Parade season is over in the midwest, so door to door and phone campaigning have become SOP for Democratic Parties. The pro’s in the biz of advertising gave up on door to door and phone cold calling decades ago because it’s too labor intensive, but campaigns tend to be amateur hour and assume hordes of volunteers to carry and call in their message to the millions.
Doorknocking re-emerged in campaigns around the turn of the millenia when scientists and campaigns in off year local elections experimented with intense doorknocks in random precincts. The election results showed a measurable increase in turnout in the doorknocked precincts versus the control precincts, and in some cases the results were pretty dramatic. The 2004 Dean campaign adopted the strategy en masse, and I spent many a cold winter day tramping though Iowa snow in the weeks before the Iowa Caucuses… And Dean came in 3rd. But a few months later a thousand of us democrats swarmed South Dakota and doorknocked our way to a narrow 3000 vote special election victory.

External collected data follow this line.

Definition curry_obj (y : ob Y) : Functor X Z.
Proof.
  refine (@Build_Functor X Z (fun x => fobj F (x, y))
    (fun x x' u => @fmap _ _ F (x, y) (x', y) (u, idm y)) _ _).
  - intro x; exact (fmap_id _ _ F (x, y)).
  - intros; rewrite <- (fmap_comp _ _ F); cbn; rewrite comp_idl; reflexivity.
Defined.

Definition curry_mor (y y' : ob Y) (v : hom y y')
  : NatTrans (curry_obj y) (curry_obj y').
Proof.
  refine (@Build_NatTrans X Z (curry_obj y) (curry_obj y')
    (fun x => @fmap _ _ F (x, y) (x, y') (idm x, v)) _).
  intros; cbn; rewrite <- !(fmap_comp _ _ F); cbn.
  rewrite !comp_idl, !comp_idr; reflexivity.
Defined.

Definition curry : Functor Y (FunCat X Z).
Proof.
  refine (@Build_Functor Y (FunCat X Z) curry_obj curry_mor _ _).
  - intro y; apply nt_ext; intro x; exact (fmap_id _ _ F (x, y)).
  - intros; apply nt_ext; intro x; cbn.
    rewrite <- (fmap_comp _ _ F); cbn; rewrite comp_idl; reflexivity.
Defined.

Definition rcurry_obj (x : ob X) : Functor Y Z.
Proof.
  refine (@Build_Functor Y Z (fun y => fobj F (x, y))
    (fun y y' v => @fmap _ _ F (x, y) (x, y') (idm x, v)) _ _).
  - intro y; exact (fmap_id _ _ F (x, y)).
  - intros; rewrite <- (fmap_comp _ _ F); cbn; rewrite comp_idl; reflexivity.
Defined.

Definition rcurry_mor (x x' : ob X) (u : hom x x')
  : NatTrans (rcurry_obj x) (rcurry_obj x').
Proof.
  refine (@Build_NatTrans Y Z (rcurry_obj x) (rcurry_obj x')
    (fun y => @fmap _ _ F (x, y) (x', y) (u, idm y)) _).
  intros; cbn; rewrite <- !(fmap_comp _ _ F); cbn.
  rewrite !comp_idl, !comp_idr; reflexivity.
Defined.

Definition rcurry : Functor X (FunCat Y Z).
Proof.
  refine (@Build_Functor X (FunCat Y Z) rcurry_obj rcurry_mor _ _).
  - intro x; apply nt_ext; intro y; exact (fmap_id _ _ F (x, y)).
  - intros; apply nt_ext; intro y; cbn.
    rewrite <- (fmap_comp _ _ F); cbn; rewrite comp_idl; reflexivity.
Defined.

Lemma clev_curry : fcomp (fprod (fid X) curry) (clev X Z) = F.
Proof.
  apply functor_ext; [intros [x y]; reflexivity|].
  intros [x y] [x' y'] [u v]; apply eq_JMeq; cbn.
  rewrite <- (fmap_comp _ _ F); cbn; rewrite comp_idl, comp_idr; reflexivity.
Qed.

Lemma crev_rcurry : fcomp (fprod rcurry (fid Y)) (crev Z Y) = F.
Proof.
  apply functor_ext; [intros [x y]; reflexivity|].
  intros [x y] [x' y'] [u v]; apply eq_JMeq; cbn.
  rewrite <- (fmap_comp _ _ F); cbn; rewrite comp_idl, comp_idr; reflexivity.
Qed.

End Curry.

Section Uncurry.
Variables X Y Z : Category.

Lemma curry_obj_clev (G : Functor Y (FunCat X Z)) y :
  curry_obj (fcomp (fprod (fid X) G) (clev X Z)) y = fobj G y.
Proof.
  apply functor_ext; [reflexivity|].
  intros; apply eq_JMeq; cbn; rewrite (fmap_id _ _ G); apply comp_idr.
Qed.

Lemma curry_clev (G : Functor Y (FunCat X Z)) :
  curry (fcomp (fprod (fid X) G) (clev X Z)) = G.
Proof.
  apply functor_ext; [apply curry_obj_clev|].
  intros y y' v; apply nt_JMeq; try apply curry_obj_clev.
  intro x; apply eq_JMeq; cbn; rewrite (fmap_id _ _ (fobj G y)); apply comp_idl.
Qed.

Lemma rcurry_obj_crev (G : Functor X (FunCat Y Z)) x :
  rcurry_obj (fcomp (fprod G (fid Y)) (crev Z Y)) x = fobj G x.
Proof.
  apply functor_ext; [reflexivity|].
  intros; apply eq_JMeq; cbn; rewrite (fmap_id _ _ G); apply comp_idr.
Qed.

Lemma rcurry_crev (G : Functor X (FunCat Y Z)) :
  rcurry (fcomp (fprod G (fid Y)) (crev Z Y)) = G.
Proof.
  apply functor_ext; [apply rcurry_obj_crev|].
  intros x x' u; apply nt_JMeq; try apply rcurry_obj_crev.
  intro y; apply eq_JMeq; cbn; rewrite (fmap_id _ _ (fobj G x)); apply comp_idl.
Qed.

End Uncurry.

Lemma lcat_Cat : is_lcat Cat.
Proof. split; [|split]; intros; functor_eq. Qed.

Lemma closed_monoidal_CatCM : is_closed_monoidal CatCM.
Proof.
  split; [exact lcat_Cat|].
  split; [intros; functor_eq|].
  split; [intros; functor_eq|].
  split; [intros a b c; exists (cassoc_inv a b c); split; functor_eq|].
  split; [intros; functor_eq|].
  split; [intros a; exists (clam_inv a); split; functor_eq|].
  split; [intros; functor_eq|].
  split; [intros a; exists (crho_inv a); split; functor_eq|].
  split; [intros; functor_eq|].
  split; [intros; functor_eq|].
  split; [intros; functor_eq|].
  split.
  - exact (lres_exists_unique_of_curry (M := CatCM) (@clev_curry) (@curry_clev)).
  - exact (rres_exists_unique_of_curry (M := CatCM) (@crev_rcurry) (@rcurry_crev)).
Qed.

(** * Psh *)

Definition psh_alpha_inv (P Q R : PshOb)
  : PshHom (psh_tens P (psh_tens Q R)) (psh_tens (psh_tens P Q) R).
Proof.
  exists (cassoc_inv (pcat P) (pcat Q) (pcat R)).
  exists (fun p z => ((fst z, fst (snd z)), snd (snd z))); reflexivity.
Defined.

Definition psh_lambda_inv (P : PshOb) : PshHom P (psh_tens psh_unit P).
Proof.
  exists (clam_inv (pcat P)).
  exists (fun p (z : pob (psh P) p) => (tt, z)); reflexivity.
Defined.

Definition psh_rho_inv (P : PshOb) : PshHom P (psh_tens P psh_unit).
Proof.
  exists (crho_inv (pcat P)).
  exists (fun p (z : pob (psh P) p) => (z, tt)); reflexivity.
Defined.

Section PshCurry.
Variables (X Y Z : PshOb) (f : PshHom (psh_tens X Y) Z).

Definition pcurry : PshHom Y (psh_lres X Z).
Proof.
  exists (curry (projT1 f)); unshelve eexists.
  - intros y z; exists (fun x w => proj1_sig (projT2 f) (x, y) (w, z)).
    intros a a' u w; generalize (proj2_sig (projT2 f) (a, y) (a', y) (u, idm y) (w, z)); cbn.
    rewrite (pmap_id _ (psh Y)); exact id.
  - intros y y' v z; apply sig_ext; extensionality x; extensionality w; cbn.
    generalize (proj2_sig (projT2 f) (x, y) (x, y') (idm x, v) (w, z)); cbn.
    rewrite (pmap_id _ (psh X)); exact id.
Defined.

Definition prcurry : PshHom X (psh_rres Z Y).
Proof.
  exists (rcurry (projT1 f)); unshelve eexists.
  - intros x w; exists (fun y z => proj1_sig (projT2 f) (x, y) (w, z)).
    intros a a' v z; generalize (proj2_sig (projT2 f) (x, a) (x, a') (idm x, v) (w, z)); cbn.
    rewrite (pmap_id _ (psh X)); exact id.
  - intros x x' u w; apply sig_ext; extensionality y; extensionality z; cbn.
    generalize (proj2_sig (projT2 f) (x, y) (x', y) (u, idm y) (w, z)); cbn.
    rewrite (pmap_id _ (psh Y)); exact id.
Defined.

Lemma psh_lev_pcurry :
  psh_comp (psh_tensm (psh_id X) pcurry) (psh_lev X Z) = f.
Proof.
  apply psh_hom_ext; [exact (clev_curry _)|].
  intros [x y] [w z]; apply JMeq_refl.
Qed.

Lemma psh_rev_prcurry :
  psh_comp (psh_tensm prcurry (psh_id Y)) (psh_rev Z Y) = f.
Proof.
  apply psh_hom_ext; [exact (crev_rcurry _)|].
  intros [x y] [w z]; apply JMeq_refl.
Qed.

End PshCurry.

Lemma pcurry_psh_lev (X Y Z : PshOb) (g : PshHom Y (psh_lres X Z)) :
  pcurry (psh_comp (psh_tensm (psh_id X) g) (psh_lev X Z)) = g.
Proof.
  apply psh_hom_ext; [exact (curry_clev _)|].
  intros y z; apply end_set_JMeq; [exact (curry_obj_clev _ _)|].
  intros; apply JMeq_refl.
Qed.

Lemma prcurry_psh_rev (X Y Z : PshOb) (g : PshHom X (psh_rres Z Y)) :
  prcurry (psh_comp (psh_tensm g (psh_id Y)) (psh_rev Z Y)) = g.
Proof.
  apply psh_hom_ext; [exact (rcurry_crev _)|].
  intros x w; apply end_set_JMeq; [exact (rcurry_obj_crev _ _)|].
  intros; apply JMeq_refl.
Qed.

Lemma closed_monoidal_PshCM : is_closed_monoidal PshCM.
Proof.
  split; [split; [|split]; intros; psh_hom_eq|].
  split; [intros; psh_hom_eq|].
  split; [intros; psh_hom_eq|].
  split; [intros a b c; exists (psh_alpha_inv a b c); split; psh_hom_eq|].
  split; [intros; psh_hom_eq|].
  split; [intros a; exists (psh_lambda_inv a); split; psh_hom_eq|].
  split; [intros; psh_hom_eq|].
  split; [intros a; exists (psh_rho_inv a); split; psh_hom_eq|].
  split; [intros; psh_hom_eq|].
  split; [intros; psh_hom_eq|].
  split; [intros; psh_hom_eq|].
  split.
  - exact (lres_exists_unique_of_curry (M := PshCM)
             (@psh_lev_pcurry) (@pcurry_psh_lev)).
  - exact (rres_exists_unique_of_curry (M := PshCM)
             (@psh_rev_prcurry) (@prcurry_psh_rev)).
Qed.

So comes 2007 and doorknocking becomes the Obama campaign’s primary strategy and I spent many more weekends wandering Iowa towns. We had so many volunteers and staffers swarm Iowa that by caucus day we’d even knocked farmhouses miles from towns. But as the campaign went nationwide and spread thin we saw the ugly side of doorknocking as staffers desperate to make doorknocking quotas darn near accosted anyone coming in the campaign office door to doorknock. I was riding into North Dakota in the fall of 2008 to check out a deal on a bike and thought I’d stop by the Obama/NPL campaign offices to see how thing were going. Barely made it in the door of the Fargo office before being hit with a demand that I doorknock or phone bank, but at least got to exchange niceties in Jamestown before the push to doorknock. Would have been happy to help, but I had miles to travel. Sadly the deal on the motorcycle fell through too.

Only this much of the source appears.